(* Let $(\mathcal{C},\mathsf{I},\otimes,\lambda,\rho,\alpha)$ be a monoidal category with finite products, $\mathsf{T}=(T,\eta,\mu)$ a monoid in it, and $(\mathcal{E},\mathcal{M})$ an orthogonal factorization system on $\mathcal{C}$ such that: $\mathcal{E}$ is closed under $(-)\otimes S$ for every object $(S,s)$ of $\mathcal{M}/T$; the skew monoidal category $\mathcal{M}/\mathsf{T}=(\mathcal{M}/T,\mathsf{J},\boxdot)$ is monoidal; $\mathcal{E}$ contains all canonical morphisms $\langle\pi_i\otimes Y\rangle_i:(\prod_iX_i)\otimes Y\to\prod_i(X_i\otimes Y)$; and $\mathcal{E}$ is closed under finite products. Let $\phi:T^n\to T$ be an $n$-ary algebraic operation for $\mathsf{T}$ and $(R_1,r_1),\dots,(R_n,r_n)$ objects of $\mathcal{M}/T$. Factor $\phi\circ\prod_i r_i = r'\circ p$ with $p:\prod_iR_i\to R'$ in $\mathcal{E}$ and $r':R'\to T$ in $\mathcal{M}$. For each object $(S,s)$ of $\mathcal{M}/T$ let $\psi_S:\prod_i(R_i\boxdot S)\to R'\boxdot S$ be the unique morphism with $\psi_S\circ\prod_i q_{R_i,S}\circ\langle\pi_i\otimes S\rangle_i = q_{R',S}\circ(p\otimes S)$ and $(r'\boxdot s)\circ\psi_S = \phi\circ\prod_i(r_i\boxdot s)$. Then: (1) $\psi$ is an $(R_1,\dots,R_n;R')$-ary algebraic operation for the graded monoid $T_{\mathcal{M}}$, $\psi$ grades $\phi$, and every component $\psi_S$ is in $\mathcal{E}$. (2) For every object $(R'',r'')$ of $\mathcal{M}/T$ and every $(R_1,\dots,R_n;R'')$-ary algebraic operation $\psi'$ for $T_{\mathcal{M}}$ that grades $\phi$, there is a unique morphism $f:(R',r')\to(R'',r'')$ in $\mathcal{M}/T$ such that $(f\boxdot S)\circ\psi_S=\psi'_S$ for all objects $S$ of $\mathcal{M}/T$.
   Context: Orthogonal factorization system $(\mathcal{E},\mathcal{M})$: both classes contain isomorphisms and are closed under composition; every commuting square $g e = m f$ with $e\in\mathcal{E}$, $m\in\mathcal{M}$ has a unique diagonal $d$ ($de=f$, $md=g$); every morphism factors as $m\circ e$. A monoid: $\eta:\mathsf{I}\to T$, $\mu:T\otimes T\to T$ with the usual unit and associativity laws. $\mathcal{M}/T$: objects $(S,s)$ with $s:S\to T$ in $\mathcal{M}$; morphisms $f:(S,s)\to(S',s')$ with $s'f=s$. Factor $\eta=j\circ q$ with $q:\mathsf{I}\to\mathsf{J}$ in $\mathcal{E}$, $j$ in $\mathcal{M}$; factor $\mu\circ(s\otimes s')=(s\boxdot s')\circ q_{S,S'}$ with $q_{S,S'}:S\otimes S'\to S\boxdot S'$ in $\mathcal{E}$, $s\boxdot s'$ in $\mathcal{M}$. This gives a skew monoidal structure $(\mathcal{M}/T,(\mathsf{J},j),\boxdot)$, denoted $\mathcal{M}/\mathsf{T}$, whose action on morphisms and structure maps are the unique diagonals compatible with the $q$'s and the structure maps of $\mathcal{C}$; in particular $f\boxdot f'$ is the unique morphism with $(f\boxdot f')q_{S_1,S_1'}=q_{S_2,S_2'}(f\otimes f')$ commuting with the maps to $T$, the right unitor is $r_S=q_{S,\mathsf{J}}\circ(S\otimes q)\circ\rho_S$, and the associator $a$ satisfies $a\,q_{S\boxdot S',S''}(q_{S,S'}\otimes S'')=q_{S,S'\boxdot S''}(S\otimes q_{S',S''})\alpha_{S,S',S''}$. The graded monoid (lax monoidal functor) $T_{\mathcal{M}}:\mathcal{M}/\mathsf{T}\to\mathcal{C}$ sends $(S,s)\mapsto S$ with unit $q$ and multiplication $q_{S,S'}$. An $n$-ary algebraic operation for $\mathsf{T}$ is $\phi:T^n\to T$ with $\phi\circ\mu^n\circ\langle\pi_i\otimes T\rangle_i=\mu\circ(\phi\otimes T)$. For a lax monoidal functor $(G,\eta^G,\mu^G):(\mathcal{G},I,\odot)\to\mathcal{C}$ from a monoidal category with associator $\alpha^{\mathcal{G}}$, a $(d_1,\dots,d_n;d')$-ary algebraic operation is a natural family $\psi_e:\prod_iG(d_i\odot e)\to G(d'\odot e)$ such that for all $e,e'$: $\psi_{e\odot e'}\circ\prod_iG(\alpha^{\mathcal{G}})\circ\prod_i\mu^G_{d_i\odot e,e'}\circ\langle\pi_i\otimes Ge'\rangle_i = G(\alpha^{\mathcal{G}})\circ\mu^G_{d'\odot e,e'}\circ(\psi_e\otimes Ge')$. For a grading with $\mathcal{M}$-components $g_d:Gd\to T$, $\psi$ grades $\phi$ if $g_{d'\odot e}\circ\psi_e=\phi\circ\prod_ig_{d_i\odot e}$ for all $e$; for $T_{\mathcal{M}}$, $g_{(S,s)}=s$. *)

From mathcomp Require Import all_boot.
Set Implicit Arguments.
Unset Strict Implicit.
Unset Printing Implicit Defensive.

Declare Scope cat_scope.
Delimit Scope cat_scope with cat.
Open Scope cat_scope.

Record Cat := {
  Obj :> Type;
  Hom : Obj -> Obj -> Type;
  idm : forall A, Hom A A;
  comp : forall A B D, Hom B D -> Hom A B -> Hom A D;
  comp_idl : forall A B (f : Hom A B), comp (idm B) f = f;
  comp_idr : forall A B (f : Hom A B), comp f (idm A) = f;
  comp_assoc : forall A B D E (h : Hom D E) (g : Hom B D) (f : Hom A B),
      comp h (comp g f) = comp (comp h g) f }.
Arguments Hom {_} A B.
Arguments idm {_} A.
Arguments comp {_ A B D} g f.
Notation "g ∘ f" := (comp g f) (at level 40, left associativity) : cat_scope.

Definition is_iso (C : Cat) (A B : C) (f : Hom A B) :=
  exists g : Hom B A, g ∘ f = idm A /\ f ∘ g = idm B.

Record Monoidal (C : Cat) := {
  tens : C -> C -> C;
  tensm : forall A B A' B', Hom A A' -> Hom B B' -> Hom (tens A B) (tens A' B');
  munit : C;
  lam : forall A, Hom (tens munit A) A;
  lam_inv : forall A, Hom A (tens munit A);
  rho : forall A, Hom A (tens A munit);
  rho_inv : forall A, Hom (tens A munit) A;
  alpha : forall A B D, Hom (tens (tens A B) D) (tens A (tens B D));
  alpha_inv : forall A B D, Hom (tens A (tens B D)) (tens (tens A B) D);
  tensm_id : forall A B, tensm (idm A) (idm B) = idm (tens A B);
  tensm_comp : forall A1 A2 A3 B1 B2 B3 (f : Hom A1 A2) (g : Hom A2 A3)
      (f' : Hom B1 B2) (g' : Hom B2 B3),
      tensm (g ∘ f) (g' ∘ f') = tensm g g' ∘ tensm f f';
  lam_inv1 : forall A, lam A ∘ lam_inv A = idm A;
  lam_inv2 : forall A, lam_inv A ∘ lam A = idm (tens munit A);
  rho_inv1 : forall A, rho A ∘ rho_inv A = idm (tens A munit);
  rho_inv2 : forall A, rho_inv A ∘ rho A = idm A;
  alpha_inv1 : forall A B D, alpha A B D ∘ alpha_inv A B D = idm (tens A (tens B D));
  alpha_inv2 : forall A B D, alpha_inv A B D ∘ alpha A B D = idm (tens (tens A B) D);
  lam_nat : forall A B (f : Hom A B), f ∘ lam A = lam B ∘ tensm (idm munit) f;
  rho_nat : forall A B (f : Hom A B), rho B ∘ f = tensm f (idm munit) ∘ rho A;
  alpha_nat : forall A A' B B' D D' (f : Hom A A') (g : Hom B B') (h : Hom D D'),
      alpha A' B' D' ∘ tensm (tensm f g) h = tensm f (tensm g h) ∘ alpha A B D;
  triangle : forall A B,
      tensm (idm A) (lam B) ∘ alpha A munit B = tensm (rho_inv A) (idm B);
  pentagon : forall A B D E,
      alpha A B (tens D E) ∘ alpha (tens A B) D E
      = tensm (idm A) (alpha B D E) ∘ alpha A (tens B D) E ∘ tensm (alpha A B D) (idm E) }.
Arguments tens {_} _ A B.
Arguments tensm {_} _ {A B A' B'} f g.
Arguments munit {_} _.
Arguments lam {_} _ A.
Arguments rho {_} _ A.
Arguments alpha {_} _ A B D.

Record FinProducts (C : Cat) := {
  prodo : forall n, ('I_n -> C) -> C;
  pr : forall n (X : 'I_n -> C) (i : 'I_n), Hom (prodo X) (X i);
  ptuple : forall n (X : 'I_n -> C) (Y : C), (forall i, Hom Y (X i)) -> Hom Y (prodo X);
  pr_ptuple : forall n (X : 'I_n -> C) Y (f : forall i, Hom Y (X i)) i,
      pr X i ∘ ptuple f = f i;
  ptuple_unique : forall n (X : 'I_n -> C) Y (f : forall i, Hom Y (X i))
      (g : Hom Y (prodo X)), (forall i, pr X i ∘ g = f i) -> g = ptuple f }.
Arguments prodo {_} _ {n} X.
Arguments pr {_} _ {n} X i.
Arguments ptuple {_} _ {n X Y} f.

Record OFS (C : Cat) := {
  Ecl : forall A B : C, Hom A B -> Prop;
  Mcl : forall A B : C, Hom A B -> Prop;
  E_iso : forall A B (f : Hom A B), is_iso f -> Ecl f;
  M_iso : forall A B (f : Hom A B), is_iso f -> Mcl f;
  E_comp : forall A B D (f : Hom A B) (g : Hom B D), Ecl f -> Ecl g -> Ecl (g ∘ f);
  M_comp : forall A B D (f : Hom A B) (g : Hom B D), Mcl f -> Mcl g -> Mcl (g ∘ f);
  diag_unique : forall A B X Y (e : Hom A B) (m : Hom X Y) (f : Hom A X) (g : Hom B Y),
      Ecl e -> Mcl m -> g ∘ e = m ∘ f -> exists! d : Hom B X, d ∘ e = f /\ m ∘ d = g;
  fobj : forall A B : C, Hom A B -> C;
  fe : forall A B (f : Hom A B), Hom A (fobj f);
  fm : forall A B (f : Hom A B), Hom (fobj f) B;
  fe_E : forall A B (f : Hom A B), Ecl (fe f);
  fm_M : forall A B (f : Hom A B), Mcl (fm f);
  fm_fe : forall A B (f : Hom A B), fm f ∘ fe f = f }.
Arguments Ecl {_} _ {A B} f.
Arguments Mcl {_} _ {A B} f.
Arguments fobj {_} _ {A B} f.
Arguments fe {_} _ {A B} f.
Arguments fm {_} _ {A B} f.
Arguments fm_M {_} _ {A B} f.

Section Slice.
Variables (C : Cat) (MC : Monoidal C) (P : FinProducts C) (F : OFS C).
Local Notation "A ⊗ B" := (tens MC A B) (at level 30).
Local Notation "f ⊗m g" := (tensm MC f g) (at level 30).
Local Notation I := (munit MC).
Local Notation E := (Ecl F).
Local Notation M := (Mcl F).

Definition prodm n (X Y : 'I_n -> C) (f : forall i, Hom (X i) (Y i))
  : Hom (prodo P X) (prodo P Y) := ptuple P (fun i => f i ∘ pr P X i).
Definition canmap n (X : 'I_n -> C) (Y : C)
  : Hom (prodo P X ⊗ Y) (prodo P (fun i => X i ⊗ Y)) :=
  ptuple P (fun i => pr P X i ⊗m idm Y).
Definition powo n (A : C) : C := prodo P (fun _ : 'I_n => A).

Definition E_canmaps := forall n (X : 'I_n -> C) (Y : C), E (canmap X Y).
Definition E_closed_prod := forall n (X Y : 'I_n -> C) (f : forall i, Hom (X i) (Y i)),
  (forall i, E (f i)) -> E (prodm f).

Variables (T : C) (eta : Hom I T) (mu : Hom (T ⊗ T) T).

Definition is_monoid :=
  [/\ mu ∘ (eta ⊗m idm T) = lam MC T,
      mu ∘ (idm T ⊗m eta) ∘ rho MC T = idm T
    & mu ∘ (mu ⊗m idm T) = mu ∘ (idm T ⊗m mu) ∘ alpha MC T T T].

Definition is_alg_op n (phi : Hom (powo n T) T) :=
  phi ∘ @prodm n (fun _ => T ⊗ T) (fun _ => T) (fun _ => mu)
      ∘ canmap (fun _ : 'I_n => T) T
  = mu ∘ (phi ⊗m idm T).

Record MObj := MkMObj { mcar : C; mmap : Hom mcar T; mmap_M : M mmap }.

Definition is_slice_mor (S S' : MObj) (f : Hom (mcar S) (mcar S')) :=
  mmap S' ∘ f = mmap S.

Definition Jo : MObj := @MkMObj (fobj F eta) (fm F eta) (fm_M F eta).
Definition q : Hom I (mcar Jo) := fe F eta.

Definition boxfac (S S' : MObj) : Hom (mcar S ⊗ mcar S') T := mu ∘ (mmap S ⊗m mmap S').
Definition box (S S' : MObj) : MObj :=
  @MkMObj (fobj F (boxfac S S')) (fm F (boxfac S S')) (fm_M F (boxfac S S')).
Definition qb (S S' : MObj) : Hom (mcar S ⊗ mcar S') (mcar (box S S')) :=
  fe F (boxfac S S').

(* g = f ⊠ f' (characterizing property of the unique diagonal) *)
Definition is_boxm (S1 S1' S2 S2' : MObj) (f : Hom (mcar S1) (mcar S2))
  (f' : Hom (mcar S1') (mcar S2')) (g : Hom (mcar (box S1 S1')) (mcar (box S2 S2'))) :=
  g ∘ qb S1 S1' = qb S2 S2' ∘ (f ⊗m f') /\ mmap (box S2 S2') ∘ g = mmap (box S1 S1').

+===+

For this exercise, repeat exactly the lines of the data above from the one with "Definition E_canmaps := forall" down to the one with "mmap S' ∘ f = mmap S.", both end lines included.

### [ANSWER TO THE EXERCISE]
Definition E_canmaps := forall n (X : 'I_n -> C) (Y : C), E (canmap X Y).
Definition E_closed_prod := forall n (X Y : 'I_n -> C) (f : forall i, Hom (X i) (Y i)),
  (forall i, E (f i)) -> E (prodm f).

Variables (T : C) (eta : Hom I T) (mu : Hom (T ⊗ T) T).

Definition is_monoid :=
  [/\ mu ∘ (eta ⊗m idm T) = lam MC T,
      mu ∘ (idm T ⊗m eta) ∘ rho MC T = idm T
    & mu ∘ (mu ⊗m idm T) = mu ∘ (idm T ⊗m mu) ∘ alpha MC T T T].

Definition is_alg_op n (phi : Hom (powo n T) T) :=
  phi ∘ @prodm n (fun _ => T ⊗ T) (fun _ => T) (fun _ => mu)
      ∘ canmap (fun _ : 'I_n => T) T
  = mu ∘ (phi ⊗m idm T).

Record MObj := MkMObj { mcar : C; mmap : Hom mcar T; mmap_M : M mmap }.

Definition is_slice_mor (S S' : MObj) (f : Hom (mcar S) (mcar S')) :=
  mmap S' ∘ f = mmap S.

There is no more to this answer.